> _About this exercise_
Show every line in the entries below where the word "FpSe" appears.

> _Recorded information_
###

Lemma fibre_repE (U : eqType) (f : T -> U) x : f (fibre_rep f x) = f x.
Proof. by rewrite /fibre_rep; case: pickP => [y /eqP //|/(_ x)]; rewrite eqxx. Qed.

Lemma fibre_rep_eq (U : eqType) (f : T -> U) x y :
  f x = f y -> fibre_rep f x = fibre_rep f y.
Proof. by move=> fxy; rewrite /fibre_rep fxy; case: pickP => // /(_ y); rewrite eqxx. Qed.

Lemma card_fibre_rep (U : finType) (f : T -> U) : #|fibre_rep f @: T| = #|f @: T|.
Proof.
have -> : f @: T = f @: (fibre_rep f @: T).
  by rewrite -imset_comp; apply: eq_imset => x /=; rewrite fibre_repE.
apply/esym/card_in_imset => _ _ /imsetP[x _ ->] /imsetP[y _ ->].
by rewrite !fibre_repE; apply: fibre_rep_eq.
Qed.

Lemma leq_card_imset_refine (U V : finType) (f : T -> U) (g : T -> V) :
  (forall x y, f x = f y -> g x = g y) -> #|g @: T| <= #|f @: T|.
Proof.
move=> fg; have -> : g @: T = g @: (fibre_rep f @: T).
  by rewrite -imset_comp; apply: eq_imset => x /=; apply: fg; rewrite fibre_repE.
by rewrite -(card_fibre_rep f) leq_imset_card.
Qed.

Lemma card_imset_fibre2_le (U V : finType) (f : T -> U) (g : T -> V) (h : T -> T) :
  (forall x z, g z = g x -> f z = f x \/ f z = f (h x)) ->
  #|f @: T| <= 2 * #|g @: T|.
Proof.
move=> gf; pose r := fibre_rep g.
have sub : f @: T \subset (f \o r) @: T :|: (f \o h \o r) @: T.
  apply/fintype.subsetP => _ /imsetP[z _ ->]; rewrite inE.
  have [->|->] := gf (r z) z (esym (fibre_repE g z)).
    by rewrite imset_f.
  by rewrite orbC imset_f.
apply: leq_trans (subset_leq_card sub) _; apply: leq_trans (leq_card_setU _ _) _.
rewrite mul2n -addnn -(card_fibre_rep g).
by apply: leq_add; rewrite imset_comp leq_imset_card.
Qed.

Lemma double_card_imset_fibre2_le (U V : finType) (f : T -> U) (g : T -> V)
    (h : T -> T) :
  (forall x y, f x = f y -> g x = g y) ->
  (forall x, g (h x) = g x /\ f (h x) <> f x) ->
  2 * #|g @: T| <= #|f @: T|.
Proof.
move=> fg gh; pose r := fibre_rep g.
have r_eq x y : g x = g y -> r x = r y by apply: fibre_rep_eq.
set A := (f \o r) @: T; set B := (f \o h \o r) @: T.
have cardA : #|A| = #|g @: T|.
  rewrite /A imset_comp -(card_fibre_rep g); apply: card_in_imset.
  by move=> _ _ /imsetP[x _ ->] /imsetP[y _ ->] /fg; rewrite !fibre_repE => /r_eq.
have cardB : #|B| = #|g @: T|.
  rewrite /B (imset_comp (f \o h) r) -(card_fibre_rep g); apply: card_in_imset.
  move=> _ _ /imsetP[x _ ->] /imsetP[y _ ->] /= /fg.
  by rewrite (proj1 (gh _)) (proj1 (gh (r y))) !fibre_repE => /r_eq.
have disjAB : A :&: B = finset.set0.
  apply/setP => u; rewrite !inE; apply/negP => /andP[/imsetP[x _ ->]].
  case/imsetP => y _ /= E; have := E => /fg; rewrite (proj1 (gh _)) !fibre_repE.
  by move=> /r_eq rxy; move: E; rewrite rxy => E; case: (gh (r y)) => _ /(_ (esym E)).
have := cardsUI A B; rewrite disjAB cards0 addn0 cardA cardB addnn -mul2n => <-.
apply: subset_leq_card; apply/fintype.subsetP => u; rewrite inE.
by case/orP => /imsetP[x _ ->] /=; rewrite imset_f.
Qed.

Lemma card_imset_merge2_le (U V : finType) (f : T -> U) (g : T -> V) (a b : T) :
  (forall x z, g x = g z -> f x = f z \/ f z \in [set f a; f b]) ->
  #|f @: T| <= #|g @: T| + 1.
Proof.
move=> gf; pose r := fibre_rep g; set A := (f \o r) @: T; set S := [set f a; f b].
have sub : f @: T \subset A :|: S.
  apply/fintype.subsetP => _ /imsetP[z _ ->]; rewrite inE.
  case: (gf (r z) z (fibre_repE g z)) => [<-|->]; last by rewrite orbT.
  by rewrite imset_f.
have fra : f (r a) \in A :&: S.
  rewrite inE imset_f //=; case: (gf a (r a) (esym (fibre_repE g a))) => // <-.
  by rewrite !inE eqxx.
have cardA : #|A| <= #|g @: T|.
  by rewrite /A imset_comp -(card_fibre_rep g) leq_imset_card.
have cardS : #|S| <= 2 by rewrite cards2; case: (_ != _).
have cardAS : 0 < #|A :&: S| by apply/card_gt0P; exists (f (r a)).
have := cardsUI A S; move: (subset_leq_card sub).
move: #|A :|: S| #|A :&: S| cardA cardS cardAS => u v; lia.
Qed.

###

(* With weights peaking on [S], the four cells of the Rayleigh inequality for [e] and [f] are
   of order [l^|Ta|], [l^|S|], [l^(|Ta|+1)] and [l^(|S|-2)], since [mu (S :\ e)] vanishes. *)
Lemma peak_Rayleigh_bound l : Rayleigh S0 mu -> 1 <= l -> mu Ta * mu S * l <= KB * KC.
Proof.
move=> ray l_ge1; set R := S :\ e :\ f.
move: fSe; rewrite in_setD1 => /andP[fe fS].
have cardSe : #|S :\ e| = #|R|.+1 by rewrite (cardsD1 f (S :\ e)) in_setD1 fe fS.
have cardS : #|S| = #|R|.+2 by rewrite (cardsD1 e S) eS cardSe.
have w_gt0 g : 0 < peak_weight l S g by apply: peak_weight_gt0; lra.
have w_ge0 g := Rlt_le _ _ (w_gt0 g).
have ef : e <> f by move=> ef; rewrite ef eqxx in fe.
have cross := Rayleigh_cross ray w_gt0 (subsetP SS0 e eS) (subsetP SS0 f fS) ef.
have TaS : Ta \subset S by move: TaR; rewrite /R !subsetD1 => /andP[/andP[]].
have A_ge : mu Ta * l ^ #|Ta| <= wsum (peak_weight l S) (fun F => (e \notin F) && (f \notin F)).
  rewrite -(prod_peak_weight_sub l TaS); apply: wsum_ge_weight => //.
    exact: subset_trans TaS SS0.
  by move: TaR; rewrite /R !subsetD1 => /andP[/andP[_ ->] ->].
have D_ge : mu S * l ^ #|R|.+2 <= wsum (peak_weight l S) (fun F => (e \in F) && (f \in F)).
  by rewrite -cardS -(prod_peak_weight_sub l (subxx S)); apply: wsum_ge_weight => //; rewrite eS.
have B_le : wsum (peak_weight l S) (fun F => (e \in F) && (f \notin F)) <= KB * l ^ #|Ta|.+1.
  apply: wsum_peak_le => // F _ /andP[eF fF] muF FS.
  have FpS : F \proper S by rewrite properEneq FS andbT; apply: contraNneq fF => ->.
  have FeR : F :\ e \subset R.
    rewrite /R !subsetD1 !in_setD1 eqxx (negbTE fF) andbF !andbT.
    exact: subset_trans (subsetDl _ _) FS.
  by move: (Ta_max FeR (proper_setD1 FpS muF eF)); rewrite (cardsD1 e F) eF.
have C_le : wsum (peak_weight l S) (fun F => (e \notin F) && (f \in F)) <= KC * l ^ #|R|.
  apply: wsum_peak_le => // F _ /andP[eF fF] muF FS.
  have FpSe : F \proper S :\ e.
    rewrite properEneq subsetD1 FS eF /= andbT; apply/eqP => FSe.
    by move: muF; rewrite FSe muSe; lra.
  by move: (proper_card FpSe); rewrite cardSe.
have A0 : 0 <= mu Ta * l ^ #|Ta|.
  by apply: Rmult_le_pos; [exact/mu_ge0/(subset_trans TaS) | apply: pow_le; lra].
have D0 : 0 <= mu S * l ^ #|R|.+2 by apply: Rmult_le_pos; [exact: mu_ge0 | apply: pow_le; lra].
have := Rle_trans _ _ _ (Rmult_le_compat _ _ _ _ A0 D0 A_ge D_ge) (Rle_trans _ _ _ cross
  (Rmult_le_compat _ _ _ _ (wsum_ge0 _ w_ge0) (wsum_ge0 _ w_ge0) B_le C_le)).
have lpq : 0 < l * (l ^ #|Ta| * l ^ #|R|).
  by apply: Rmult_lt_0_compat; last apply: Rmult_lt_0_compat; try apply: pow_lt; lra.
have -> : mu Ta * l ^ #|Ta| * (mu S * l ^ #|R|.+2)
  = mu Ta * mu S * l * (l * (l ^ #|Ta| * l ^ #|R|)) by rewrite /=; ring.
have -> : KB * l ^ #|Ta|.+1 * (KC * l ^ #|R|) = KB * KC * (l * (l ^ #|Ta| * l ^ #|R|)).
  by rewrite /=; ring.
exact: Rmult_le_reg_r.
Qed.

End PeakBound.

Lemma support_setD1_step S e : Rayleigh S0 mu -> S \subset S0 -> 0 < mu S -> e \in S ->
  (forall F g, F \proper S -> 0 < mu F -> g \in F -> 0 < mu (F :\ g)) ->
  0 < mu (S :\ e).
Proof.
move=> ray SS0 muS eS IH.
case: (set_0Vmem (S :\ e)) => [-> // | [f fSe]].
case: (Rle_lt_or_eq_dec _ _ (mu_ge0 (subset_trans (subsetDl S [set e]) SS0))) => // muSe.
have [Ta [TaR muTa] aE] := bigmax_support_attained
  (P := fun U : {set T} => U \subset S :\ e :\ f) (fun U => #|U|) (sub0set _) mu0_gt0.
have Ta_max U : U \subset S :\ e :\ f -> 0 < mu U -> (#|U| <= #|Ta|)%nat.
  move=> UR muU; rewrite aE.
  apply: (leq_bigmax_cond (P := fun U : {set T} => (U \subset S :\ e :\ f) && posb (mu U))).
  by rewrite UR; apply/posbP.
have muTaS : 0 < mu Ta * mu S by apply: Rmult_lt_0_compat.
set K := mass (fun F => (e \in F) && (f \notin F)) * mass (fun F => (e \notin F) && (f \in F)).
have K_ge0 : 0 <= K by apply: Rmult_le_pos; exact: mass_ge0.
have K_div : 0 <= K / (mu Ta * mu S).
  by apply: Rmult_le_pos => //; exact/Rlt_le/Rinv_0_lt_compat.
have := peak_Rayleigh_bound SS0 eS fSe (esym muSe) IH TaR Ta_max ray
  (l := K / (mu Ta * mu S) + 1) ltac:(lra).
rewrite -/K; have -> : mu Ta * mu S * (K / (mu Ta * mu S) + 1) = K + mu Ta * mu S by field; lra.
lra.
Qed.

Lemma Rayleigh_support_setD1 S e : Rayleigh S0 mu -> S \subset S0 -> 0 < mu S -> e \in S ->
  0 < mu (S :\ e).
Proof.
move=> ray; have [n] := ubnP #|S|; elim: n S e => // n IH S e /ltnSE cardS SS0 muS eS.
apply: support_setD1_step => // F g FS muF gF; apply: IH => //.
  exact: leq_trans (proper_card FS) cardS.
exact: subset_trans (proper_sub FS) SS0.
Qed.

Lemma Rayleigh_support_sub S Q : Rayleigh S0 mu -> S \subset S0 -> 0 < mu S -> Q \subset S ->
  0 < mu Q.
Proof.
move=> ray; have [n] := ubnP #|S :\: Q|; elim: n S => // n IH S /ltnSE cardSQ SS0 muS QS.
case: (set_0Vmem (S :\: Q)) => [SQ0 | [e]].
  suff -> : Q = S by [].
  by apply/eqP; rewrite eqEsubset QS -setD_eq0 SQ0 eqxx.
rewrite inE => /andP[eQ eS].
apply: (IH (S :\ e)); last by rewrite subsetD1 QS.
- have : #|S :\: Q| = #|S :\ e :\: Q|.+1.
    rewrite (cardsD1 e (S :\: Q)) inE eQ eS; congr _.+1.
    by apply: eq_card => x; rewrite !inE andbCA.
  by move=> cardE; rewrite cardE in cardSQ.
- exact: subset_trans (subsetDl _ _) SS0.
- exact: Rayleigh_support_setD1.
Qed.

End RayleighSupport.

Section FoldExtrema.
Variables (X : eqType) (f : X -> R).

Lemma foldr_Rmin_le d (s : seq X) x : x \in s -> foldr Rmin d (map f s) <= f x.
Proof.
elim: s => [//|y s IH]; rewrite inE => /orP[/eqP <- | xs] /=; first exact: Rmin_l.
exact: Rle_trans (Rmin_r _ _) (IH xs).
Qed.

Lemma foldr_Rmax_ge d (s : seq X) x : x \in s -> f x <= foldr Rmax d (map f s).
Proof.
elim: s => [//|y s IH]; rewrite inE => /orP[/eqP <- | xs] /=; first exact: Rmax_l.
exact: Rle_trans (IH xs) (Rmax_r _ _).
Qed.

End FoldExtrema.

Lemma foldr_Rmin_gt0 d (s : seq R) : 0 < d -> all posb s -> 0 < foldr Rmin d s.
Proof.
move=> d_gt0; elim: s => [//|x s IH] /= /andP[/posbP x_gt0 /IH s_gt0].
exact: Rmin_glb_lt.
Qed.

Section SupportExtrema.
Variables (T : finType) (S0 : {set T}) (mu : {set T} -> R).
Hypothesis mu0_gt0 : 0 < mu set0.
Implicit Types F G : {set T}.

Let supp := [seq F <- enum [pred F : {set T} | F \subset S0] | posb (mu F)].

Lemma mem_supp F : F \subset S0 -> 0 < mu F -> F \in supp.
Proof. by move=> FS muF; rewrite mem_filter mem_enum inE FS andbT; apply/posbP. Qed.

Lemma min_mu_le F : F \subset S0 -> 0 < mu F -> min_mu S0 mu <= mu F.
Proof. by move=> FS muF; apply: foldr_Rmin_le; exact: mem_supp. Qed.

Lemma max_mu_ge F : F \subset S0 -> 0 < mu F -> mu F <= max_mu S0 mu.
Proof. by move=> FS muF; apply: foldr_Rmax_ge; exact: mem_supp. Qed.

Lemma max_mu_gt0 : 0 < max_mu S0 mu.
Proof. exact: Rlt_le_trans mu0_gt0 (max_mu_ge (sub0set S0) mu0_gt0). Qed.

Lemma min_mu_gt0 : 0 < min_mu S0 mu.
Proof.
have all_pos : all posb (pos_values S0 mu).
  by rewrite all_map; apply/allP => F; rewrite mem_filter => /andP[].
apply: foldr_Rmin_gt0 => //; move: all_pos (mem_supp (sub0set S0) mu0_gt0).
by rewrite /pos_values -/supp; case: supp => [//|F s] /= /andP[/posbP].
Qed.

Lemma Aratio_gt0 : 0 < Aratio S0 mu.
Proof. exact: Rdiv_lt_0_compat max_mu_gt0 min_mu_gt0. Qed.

###

> _Written answer_
  have FpSe : F \proper S :\ e.
  by move: (proper_card FpSe); rewrite cardSe.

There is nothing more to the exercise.